Lots of Unsorted (and Unindexed) Documents Waiting to be Discovered by Family Historians

Created by Uwe Kils (iceberg) and User:Wiska Bodo (sky). [GFDL (http://www.gnu.org/copyleft/fdl.html) or CC-BY-SA-3.0 (http://creativecommons.org/licenses/by-sa/3.0/)], via Wikimedia Commons

The federal archives is sitting on a backlog of 98,000 boxes of undocumented government records, some dating to 1890, says Canada’s auditor general...

There is a wealth of material to be sorted, including: 24,000 boxes of military records, 9,800 boxes from Transport Canada, 7,200 boxes from Industry Canada, 6,400 from Public Works and Government Services Canada, and 5,200 from Justice Canada.

Let’s now multiply a version of this by all Federal Archives, State Archives, and more and that is a LOT of documents that are waiting to be discovered by us and future genealogists!


One million cubic feet. Two million boxes. Billions of pieces of paper. No, this isn't the cumulative total of records held by the National Archives and Records Administration (NARA). It's only the amount of records we received in our two Washington, D.C.–area facilities from 1995 to 2005.

Of course, the above doesn’t include private collections, religious records, and a whole bevy of other types of records which are archived also! The University of Central Florida Libraries has a page on its web site titled Unprocessed Special Collections which explicitly lists such collections.  Though other archives may not have such a web page, they do maintain internal lists with the same types of information.

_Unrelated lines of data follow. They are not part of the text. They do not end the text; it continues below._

(* Consider the queueing system in the context under the MaxWeight policy with a diagonal matrix $\Delta$ with positive diagonal entries, in overload ($\rho\notin\mathcal{P}$). Then the vector $\eta=\lim_{t\to\infty}X(t)/t$ is the unique minimizer of $$\langle\eta,\Delta\eta\rangle=\min_{\eta'\in\Psi(\rho,\mathcal{S})}\langle\eta',\Delta\eta'\rangle,\qquad \Psi(\rho,\mathcal{S})=\Big\{(\rho-r)^+: r=\sum_{S\in\mathcal{S}}\alpha_SS,\ \alpha_S\ge0,\ \sum_{S\in\mathcal{S}}\alpha_S\le1\Big\}.$$
   Context: Model: $Q$ queues, finite set $\mathcal{S}=\{S_1,\dots,S_N\}\subset\mathbb{R}^Q_{\ge0}$ of service vectors, discrete time. Arrivals $A(t)$ with $0\le A_q(t)\le\bar A_q<\infty$ and $\rho_q=\lim_{t\to\infty}\frac1t\sum_{s=0}^{t-1}A_q(s)\in(0,\infty)$. Departures $D_q(t)=\min\{S_q(t),X_q(t)\}$, $X(t+1)=X(t)+A(t)-D(t)$, $X(0)=0$, with $S(t)\in\arg\max_{S\in\mathcal{S}}\langle S,\Delta X(t)\rangle$. $(x)^+$ is the componentwise positive part. Stability region $\mathcal{P}=\{r\in\mathbb{R}^Q_{\ge0}: r\le\sum_n\alpha_nS_n\text{ for some }\alpha_n\ge0,\sum_n\alpha_n=1\}$. (Under these assumptions the limit $\lim_t X(t)/t$ exists.) *)

From HB Require Import structures.
From mathcomp Require Import all_boot all_order all_algebra.
From mathcomp Require Import all_classical all_reals topology normedtype sequences.
Set Implicit Arguments. Unset Strict Implicit. Unset Printing Implicit Defensive.
Import Order.TTheory GRing.Theory Num.Theory.
Import numFieldNormedType.Exports.
Local Open Scope ring_scope.
Local Open Scope classical_set_scope.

This reminds us that for all the resources that have become more readily available online (either directly or via an index or finding aid), there is so much more which we don’t even know exists. 

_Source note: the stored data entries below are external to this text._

(* Let $\mathrm{M}=\langle e_1+I,\ e_2+I,\ A\rangle$, where $e_1,e_2$ are the standard basis vectors of $E^2$ and $A=\mathrm{diag}(1,-1)$. Then $$N_A(\mathrm{M})=\{b+B : 2b_2\in\mathbb Z \text{ and } B\in\langle -I, A\rangle\},$$ where $b=(b_1,b_2)$.
   Context: Affine maps of $E^2$ are written $b+B$ (meaning $x\mapsto b+Bx$, $b\in E^2$, $B\in\mathrm{GL}(2,\mathbb R)$); $b+I$ is translation by $b$. $N_A(\mathrm{M})$ denotes the normalizer of $\mathrm{M}$ in the group of affine transformations of $E^2$. (Here $E^2/\mathrm{M}$ is an annulus.) *)

From HB Require Import structures.
From mathcomp Require Import all_boot all_order all_algebra.
From mathcomp Require Import reals.
Set Implicit Arguments. Unset Strict Implicit. Unset Printing Implicit Defensive.
Import Order.TTheory GRing.Theory Num.Theory.
Local Open Scope ring_scope.

Section Affine.
Variable R : realType.

(* an affine map b + B : x |-> b + B x, represented by the pair (b, B) *)
Definition aff := ('cV[R]_2 * 'M[R]_2)%type.

Definition is_affine (f : aff) : Prop := f.2 \in unitmx.

Definition aff_comp (f g : aff) : aff := (f.1 + f.2 *m g.1, f.2 *m g.2).
Definition aff_inv (f : aff) : aff := (- (invmx f.2 *m f.1), invmx f.2).
Definition aff_id : aff := (0, 1%:M).

Inductive aff_gen (S : aff -> Prop) : aff -> Prop :=
| ag_id : aff_gen S aff_id
| ag_base f : S f -> aff_gen S f
| ag_comp f g : aff_gen S f -> aff_gen S g -> aff_gen S (aff_comp f g)
| ag_inv f : aff_gen S f -> aff_gen S (aff_inv f).

Inductive mx_gen (S : 'M[R]_2 -> Prop) : 'M[R]_2 -> Prop :=
| mg_id : mx_gen S 1%:M
| mg_base B : S B -> mx_gen S B
| mg_mul B C : mx_gen S B -> mx_gen S C -> mx_gen S (B *m C)
| mg_inv B : mx_gen S B -> mx_gen S (invmx B).

Definition aff_conj (f g : aff) : aff := aff_comp (aff_comp f g) (aff_inv f).

Definition in_normalizer (G : aff -> Prop) (f : aff) : Prop :=
  is_affine f /\
  (forall g, G g -> G (aff_conj f g)) /\
  (forall g, G g -> exists h, G h /\ g = aff_conj f h).

Definition e1 : 'cV[R]_2 := delta_mx 0 0.
Definition e2 : 'cV[R]_2 := delta_mx 1 0.
Definition Amx : 'M[R]_2 := diag_mx (\row_(i < 2) (if i == 0 then 1 else -1)).

Definition Mgens (f : aff) : Prop :=
  f = (e1, 1%:M) \/ f = (e2, 1%:M) \/ f = (0, Amx).
Definition Mgrp : aff -> Prop := aff_gen Mgens.

Definition LinGens (B : 'M[R]_2) : Prop := B = - 1%:M \/ B = Amx.

End Affine.

From HB Require Import structures.
From mathcomp Require Import all_boot all_order all_algebra.
From mathcomp Require Import reals.
From mathcomp Require Import lra.

Set Implicit Arguments.
Unset Strict Implicit.
Unset Printing Implicit Defensive.
Import Order.TTheory GRing.Theory Num.Theory.
Local Open Scope ring_scope.

(* M consists of the maps v + H with v integral and H in {I, A}.  If b + B
   normalizes M, the conjugate of A must again be a reflection v + A of M, so
   B commutes with A and is diagonal; its translation part b - A b = (0, 2 b_2)
   is integral.  Conjugating the integral translations in both directions shows
   that the diagonal entries of B are integers with integer inverses, i.e. +-1,
   which is exactly the group <-I, A>.  Conversely, for such b + B the
   conjugate of v + I is B v + I and that of A is (0, 2 b_2) + A. *)

Lemma sqr_eq1_int (R : archiNumDomainType) (x : R) : x ^+ 2 = 1 -> x \is a Num.int.
Proof.
by move/eqP; rewrite sqrf_eq1 => /orP[] /eqP->; rewrite ?rpredN int_num1.
Qed.

Lemma int_mul_eq1_sqr (R : archiRealDomainType) (x y : R) :
  x \is a Num.int -> y \is a Num.int -> x * y = 1 -> x ^+ 2 = 1.
Proof.
move=> x_int y_int xy1.
have x_neq0 : x != 0 by apply: contra_eq_neq xy1 => ->; rewrite mul0r eq_sym oner_eq0.
have y_neq0 : y != 0 by apply: contra_eq_neq xy1 => ->; rewrite mulr0 eq_sym oner_eq0.
have := sqr_intr_ge1 x_int x_neq0; have := sqr_intr_ge1 y_int y_neq0.
by nra.
Qed.

Section SignedDiagonal.
Variables (R : comUnitRingType) (n : nat).

Definition signed_diag (B : 'M[R]_n) : Prop :=
  exists2 d : 'rV_n, (forall i, d 0 i ^+ 2 = 1) & B = diag_mx d.

Lemma signed_diag_scalar (s : R) : s ^+ 2 = 1 -> signed_diag s%:M.
Proof. by move=> s2; exists (const_mx s) => [i|]; rewrite ?mxE ?diag_const_mx. Qed.

Lemma signed_diag_mulmx B C : signed_diag B -> signed_diag C -> signed_diag (B *m C).
Proof.
move=> [d d2 ->] [e e2 ->]; rewrite mulmx_diag.
by exists (\row_j (d 0 j * e 0 j)) => // i; rewrite mxE exprMn d2 e2 mulr1.
Qed.

Lemma signed_diag_sqr B : signed_diag B -> B *m B = 1%:M.
Proof.
move=> [d d2 ->]; rewrite mulmx_diag -diag_const_mx; congr diag_mx.
by apply/rowP => i; rewrite !mxE -expr2 d2.
Qed.

Lemma signed_diag_unit B : signed_diag B -> B \in unitmx.
Proof. by move=> /signed_diag_sqr /mulmx1_unit []. Qed.

Lemma signed_diag_invmx B : signed_diag B -> invmx B = B.
Proof.
move=> Bsd; have BB := signed_diag_sqr Bsd.
by rewrite -[invmx B]mulmx1 -BB mulmxA mulVmx ?mul1mx ?signed_diag_unit.
Qed.

End SignedDiagonal.

Section IntegralColumns.
Variables (R : archiNumDomainType) (n : nat).

Definition int_col (v : 'cV[R]_n) : Prop := forall i, v i 0 \is a Num.int.

Lemma int_col0 : int_col 0.
Proof. by move=> i; rewrite mxE int_num0. Qed.

Lemma int_colD v w : int_col v -> int_col w -> int_col (v + w).
Proof. by move=> vi wi i; rewrite mxE rpredD. Qed.

Lemma int_colN v : int_col v -> int_col (- v).
Proof. by move=> vi i; rewrite mxE rpredN. Qed.

Lemma int_col_signed_diag B v : signed_diag B -> int_col v -> int_col (B *m v).
Proof.
by move=> [d d2 ->] vi i; rewrite mul_diag_mx mxE rpredM ?vi ?sqr_eq1_int ?d2.
Qed.

End IntegralColumns.

Section TwoByTwo.
Variable R : pzRingType.

Lemma ord2_cases (i : 'I_2) : i = 0 \/ i = 1.
Proof. by case: i => [[|[|]]] // ?; [left|right]; apply/val_inj. Qed.

Lemma matrix2P (M N : 'M[R]_2) :
  M 0 0 = N 0 0 -> M 0 1 = N 0 1 -> M 1 0 = N 1 0 -> M 1 1 = N 1 1 -> M = N.
Proof.
move=> e00 e01 e10 e11; apply/matrixP => i j.
by case: (ord2_cases i) => ->; case: (ord2_cases j) => ->.
Qed.

Lemma col2P (v w : 'cV[R]_2) : v 0 0 = w 0 0 -> v 1 0 = w 1 0 -> v = w.
Proof.
by move=> e0 e1; apply/matrixP => i j; rewrite [j]ord1; case: (ord2_cases i) => ->.
Qed.

Lemma mulmx2E m n (M : 'M[R]_(m, 2)) (N : 'M[R]_(2, n)) i j :
  (M *m N) i j = M i 0 * N 0 j + M i 1 * N 1 j.
Proof.
rewrite mxE !big_ord_recl big_ord0 addr0.
by have -> : lift ord0 ord0 = 1 :> 'I_2 by apply/val_inj.
Qed.

End TwoByTwo.

Section Normalizer.
Variable R : realType.
Local Notation A := (Amx R).
Local Notation M := (@Mgrp R).

Ltac mx2_eval := rewrite /e1 /e2 /Amx ?(mulmx2E, mxE) /=
  ?(mulr1n, mulr0n, mulr1, mulr0, mul1r, mul0r, addr0, add0r, mulN1r, mulNr, mulrN, opprK, oppr0).

Lemma signed_diag_Amx : signed_diag A.
Proof. by eexists => // i; rewrite mxE; case: ifP; rewrite ?sqrrN expr1n. Qed.

Lemma signed_diag_commA B : signed_diag B -> B *m A = A *m B.
Proof. by move=> [d _ ->]; exact: diag_mxC. Qed.

Lemma Amx_sqr : A *m A = 1%:M.
Proof. exact: signed_diag_sqr signed_diag_Amx. Qed.

Lemma conj_Amx_neq1 B : B \in unitmx -> B *m A *m invmx B <> 1%:M.
Proof.
move=> B_unit conj1.
have A1 : A = 1%:M by rewrite -(mulKmx B_unit A) -(mulmxKV B_unit (B *m A)) conj1 mul1mx mulVmx.
by have := congr1 (fun N : 'M[R]_2 => N 1 1) A1; mx2_eval; lra.
Qed.

Lemma commA_diag B : B *m A = A *m B -> B = diag_mx (\row_i B i i).
Proof.
move=> BA.
have e01 := congr1 (fun N : 'M[R]_2 => N 0 1) BA.
have e10 := congr1 (fun N : 'M[R]_2 => N 1 0) BA.
by move: e01 e10; mx2_eval => e01 e10; apply/matrix2P; mx2_eval; lra.
Qed.

Implicit Types (f g h : aff R) (b v w : 'cV[R]_2) (B : 'M[R]_2).

Lemma aff_compA f g h : aff_comp (aff_comp f g) h = aff_comp f (aff_comp g h).
Proof. by rewrite /aff_comp /= mulmxDr !mulmxA addrA. Qed.

Lemma aff_comp1g f : aff_comp (aff_id R) f = f.
Proof. by case: f => v B; rewrite /aff_comp /= add0r !mul1mx. Qed.

Lemma aff_compg1 f : aff_comp f (aff_id R) = f.
Proof. by case: f => v B; rewrite /aff_comp /= mulmx0 addr0 mulmx1. Qed.

Lemma aff_compgV f : f.2 \in unitmx -> aff_comp f (aff_inv f) = aff_id R.
Proof. by move=> f_unit; rewrite /aff_comp /= mulmxN mulmxA mulmxV // mul1mx subrr. Qed.

Lemma aff_compVg f : f.2 \in unitmx -> aff_comp (aff_inv f) f = aff_id R.
Proof. by move=> f_unit; rewrite /aff_comp /= mulVmx // addrC subrr. Qed.

Lemma aff_invK f : f.2 \in unitmx -> aff_inv (aff_inv f) = f.
Proof. by case: f => v B B_unit; rewrite /aff_inv /= invmxK mulmxN opprK mulKVmx. Qed.

Lemma aff_conjK f g : f.2 \in unitmx -> aff_conj f (aff_conj (aff_inv f) g) = g.
Proof.
move=> f_unit; rewrite /aff_conj aff_invK // !aff_compA aff_compgV // aff_compg1.
by rewrite -aff_compA aff_compgV // aff_comp1g.
Qed.

Lemma aff_conj_comp f g h : f.2 \in unitmx ->
  aff_conj f (aff_comp g h) = aff_comp (aff_conj f g) (aff_conj f h).
Proof.
move=> f_unit; rewrite /aff_conj !aff_compA.
by rewrite -[aff_comp (aff_inv f) _]aff_compA aff_compVg // aff_comp1g.
Qed.

Lemma aff_conj_trans b B v : B \in unitmx -> aff_conj (b, B) (v, 1%:M) = (B *m v, 1%:M).
Proof.
move=> B_unit; rewrite /aff_conj /aff_comp /aff_inv /= mulmx1 mulmxV // mulmxN mulmxA mulmxV //.
by rewrite mul1mx addrAC subrr add0r.
Qed.

Lemma aff_conj_A b B : B \in unitmx -> B *m A = A *m B ->
  aff_conj (b, B) (0, A) = (b - A *m b, A).
Proof.
move=> B_unit BA; rewrite /aff_conj /aff_comp /aff_inv /= mulmx0 addr0 BA.
by rewrite mulmxN mulmxA !mulmxK.
Qed.

Definition Mset g : Prop := int_col g.1 /\ (g.2 = 1%:M \/ g.2 = A).

Lemma int_col_delta i : int_col (delta_mx i 0 : 'cV[R]_2).
Proof. by move=> k; rewrite mxE; apply/intr_nat/natr_nat. Qed.

Lemma int_col_subAmx b : int_col (b - A *m b) <-> 2 * b 1 0 \is a Num.int.
Proof.
have b0 : (b - A *m b) 0 0 = 0 by mx2_eval; rewrite subrr.
have b1 : (b - A *m b) 1 0 = 2 * b 1 0 by mx2_eval; rewrite mulr2n mulrDl mul1r.
split=> [/(_ 1) | b_int i]; first by rewrite b1.
by case: (ord2_cases i) => ->; rewrite ?b0 ?b1 ?int_num0.
Qed.

Lemma Mlin_signed_diag B : B = 1%:M \/ B = A -> signed_diag B.
Proof.
by move=> [->|->]; [apply: signed_diag_scalar; rewrite expr1n | exact: signed_diag_Amx].
Qed.

Lemma Mgrp_Mset g : M g -> Mset g.
Proof.
elim=> {g} [|f gen_f|f g _ Mf _ Mg|f _ Mf].
- by split; [exact: int_col0 | left].
- by case: gen_f => [|[|]] ->; split => /=; by [exact: int_col_delta | exact: int_col0 | left | right].
- case: f g Mf Mg => [v B] [w C] [/= v_int B_lin] [/= w_int C_lin]; split => /=.
    exact: int_colD v_int (int_col_signed_diag (Mlin_signed_diag B_lin) w_int).
  by case: B_lin C_lin => -> [] ->; rewrite ?mul1mx ?mulmx1 ?Amx_sqr; [left|right|right|left].
- case: f Mf => v B [/= v_int B_lin]; have B_sd := Mlin_signed_diag B_lin.
  rewrite /Mset /aff_inv /= signed_diag_invmx //.
  by split => //; apply/int_colN/int_col_signed_diag.
Qed.

Lemma Mgrp_transD v w : M (v, 1%:M) -> M (w, 1%:M) -> M (v + w, 1%:M).
Proof. by move=> Mv Mw; have := ag_comp Mv Mw; rewrite /aff_comp /= !mul1mx. Qed.

Lemma Mgrp_transN v : M (v, 1%:M) -> M (- v, 1%:M).
Proof. by move=> Mv; have := ag_inv Mv; rewrite /aff_inv /= invmx1 !mul1mx. Qed.

Lemma Mgrp_transz v (k : int) : M (v, 1%:M) -> M (v *~ k, 1%:M).
Proof.
have Mgrp_transMn m : M (v, 1%:M) -> M (v *+ m, 1%:M).
  move=> Mv; elim: m => [|m IH]; first by rewrite mulr0n; exact: ag_id.
  by rewrite mulrS; apply: Mgrp_transD.
by case: k => m Mv; rewrite ?NegzE ?mulrNz; [|apply: Mgrp_transN]; apply: Mgrp_transMn.
Qed.

Lemma Mgrp_trans v : int_col v -> M (v, 1%:M).
Proof.
move=> v_int; have [/intrP[m vm] /intrP[n vn]] := (v_int 0, v_int 1).
have -> : v = e1 R *~ m + e2 R *~ n by apply: col2P; rewrite -!scaler_int; mx2_eval.
by apply: Mgrp_transD; apply: Mgrp_transz; apply: ag_base; rewrite /Mgens; tauto.
Qed.

Lemma Mgrp_A : M (0, A).
Proof. by apply: ag_base; rewrite /Mgens; tauto. Qed.

Lemma Mset_Mgrp g : Mset g -> M g.
Proof.
case: g => v B [/= v_int [->|->]]; first exact: Mgrp_trans.
have := ag_comp (Mgrp_trans v_int) Mgrp_A.
by rewrite /aff_comp /= mulmx0 addr0 mul1mx.
Qed.

Lemma mx_gen_LinGensE B : mx_gen (@LinGens R) B <-> signed_diag B.
Proof.
split.
  elim=> {B} [|B [->|->]|B C _ sdB _ sdC|B _ sdB].
  - by apply: signed_diag_scalar; rewrite expr1n.
  - by rewrite -raddfN; apply: signed_diag_scalar; rewrite sqrrN expr1n.
  - exact: signed_diag_Amx.
  - exact: signed_diag_mulmx.
  - by rewrite signed_diag_invmx.
have genN1 : mx_gen (@LinGens R) (- 1%:M) by apply: mg_base; left.
have genA : mx_gen (@LinGens R) A by apply: mg_base; right.
have sign (s : R) : s ^+ 2 = 1 -> s = 1 \/ s = -1.
  by move/eqP; rewrite sqrf_eq1 => /orP[] /eqP; [left|right].
move=> [d /[dup] /(_ 0) /sign [] d0 /(_ 1) /sign [] d1 ->].
- suff -> : diag_mx d = 1%:M by exact: mg_id.
  by apply/matrix2P; mx2_eval; rewrite ?d0 ?d1.
- suff -> : diag_mx d = A by [].
  by apply/matrix2P; mx2_eval; rewrite ?d0 ?d1.
- suff -> : diag_mx d = - 1%:M *m A by exact: mg_mul.
  by apply/matrix2P; mx2_eval; rewrite ?d0 ?d1 ?oppr0.
- suff -> : diag_mx d = - 1%:M by [].
  by apply/matrix2P; mx2_eval; rewrite ?d0 ?d1 ?oppr0.
Qed.

Lemma conj_Mgrp b B g : signed_diag B -> 2 * b 1 0 \is a Num.int ->
  M g -> M (aff_conj (b, B) g).
Proof.
move=> B_sd b_int /Mgrp_Mset [].
have B_unit := signed_diag_unit B_sd.
case: g => v C /= v_int [->|->].
  by rewrite aff_conj_trans //; apply/Mgrp_trans/int_col_signed_diag.
have -> : (v, A) = aff_comp (v, 1%:M) (0, A) by rewrite /aff_comp /= mulmx0 addr0 mul1mx.
rewrite aff_conj_comp // aff_conj_trans // aff_conj_A ?signed_diag_commA //.
apply: ag_comp; first exact/Mgrp_trans/int_col_signed_diag.
by apply: Mset_Mgrp; split; [exact/int_col_subAmx | right].
Qed.

Lemma in_normalizer_signed_diag b B : signed_diag B -> 2 * b 1 0 \is a Num.int ->
  in_normalizer M (b, B).
Proof.
move=> B_sd b_int; have B_unit := signed_diag_unit B_sd.
split; first exact: B_unit.
split=> g Mg; first exact: conj_Mgrp.
exists (aff_conj (aff_inv (b, B)) g); split; last by rewrite aff_conjK.
rewrite /aff_inv /= signed_diag_invmx //; apply: conj_Mgrp => //.
case: B_sd b_int => d d2 -> b_int.
rewrite mxE mul_diag_mx mxE mulrN mulrCA rpredN.
exact/rpredM/b_int/sqr_eq1_int/d2.
Qed.

Section Necessity.
Variables (b : 'cV[R]_2) (B : 'M[R]_2).
Hypothesis normB : in_normalizer M (b, B).

Let B_unit : B \in unitmx := normB.1.

Lemma normalizer_commA : B *m A = A *m B.
Proof.
have [_ [lin1|linA]] := Mgrp_Mset (normB.2.1 _ Mgrp_A); first by case: (conj_Amx_neq1 B_unit).
by rewrite -[in RHS]linA mulmxKV.
Qed.

Lemma normalizer_2b_int : 2 * b 1 0 \is a Num.int.
Proof.
have [+ _] := Mgrp_Mset (normB.2.1 _ Mgrp_A).
by rewrite aff_conj_A ?normalizer_commA // => /int_col_subAmx.
Qed.

Lemma normalizer_diag_sqr i : B i i ^+ 2 = 1.
Proof.
have B_diag := commA_diag normalizer_commA.
have B_col v : (B *m v) i 0 = B i i * v i 0 by rewrite {1}B_diag mul_diag_mx !mxE.
have Mi := Mgrp_trans (int_col_delta i).
have [+ _] := Mgrp_Mset (normB.2.1 _ Mi).
rewrite aff_conj_trans // => /(_ i); rewrite B_col mxE !eqxx mulr1 => Bii_int.
have [[v C] [/Mgrp_Mset [v_int C_lin] conj_v]] := normB.2.2 _ Mi.
case: C_lin conj_v => /= ->; last first.
  by move=> /(congr1 snd) /esym /(conj_Amx_neq1 B_unit).
rewrite aff_conj_trans // => -[/(congr1 (fun w : 'cV_2 => w i 0))].
rewrite B_col mxE !eqxx => /esym; exact: int_mul_eq1_sqr.
Qed.

Lemma normalizer_signed_diag : signed_diag B.
Proof.
by rewrite (commA_diag normalizer_commA); eexists => // i; rewrite mxE normalizer_diag_sqr.
Qed.

End Necessity.

End Normalizer.

Theorem lemma17 (R : realType) (b : 'cV[R]_2) (B : 'M[R]_2) :
  in_normalizer (@Mgrp R) (b, B) <->
  (B \in unitmx /\ (exists z : int, 2 * b 1 0 = z%:~R) /\ mx_gen (@LinGens R) B).
Proof.
split=> [normB | [_ [[z bz] genB]]].
- split; first exact: normB.1.
  split; last exact/mx_gen_LinGensE/(normalizer_signed_diag normB).
  by have /intrP[z ->] := normalizer_2b_int normB; exists z.
- apply: in_normalizer_signed_diag; first exact/mx_gen_LinGensE.
  by rewrite bz intr_int.
Qed.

What way to get a look into the holdings which have not been processed or made publicly available is to see if there have been inventories created for an archive or collections held by it.  For example, when I wonder if the NC Archives has certain “historical” records that I am not seeing in the available catalogs (online & on-the-ground) or finding aids (online & on-the-ground), I check into inventories that were made showing what the “counties” had in their possession.  One was made in the 1960s and is physically at the archives and an earlier version (1938), The historical records of North Carolina: the county records, Volumes 1-3, is available via Internet Archive. 

Such inventories are helpful because they also give a window into whether any records “disappeared” between 1938 and the 1960s or between the 1960s and today.  Some losses are explained by record retention policies and others by ... possibly misadventure.  Odds are that any facilities which might hold the records that interest you, might similarly have "inventories" created at various points in time.  Do ask.

So, as you do your research, recognize that every archive and records repository has a huge iceberg of records and we are only “seeing” the tip!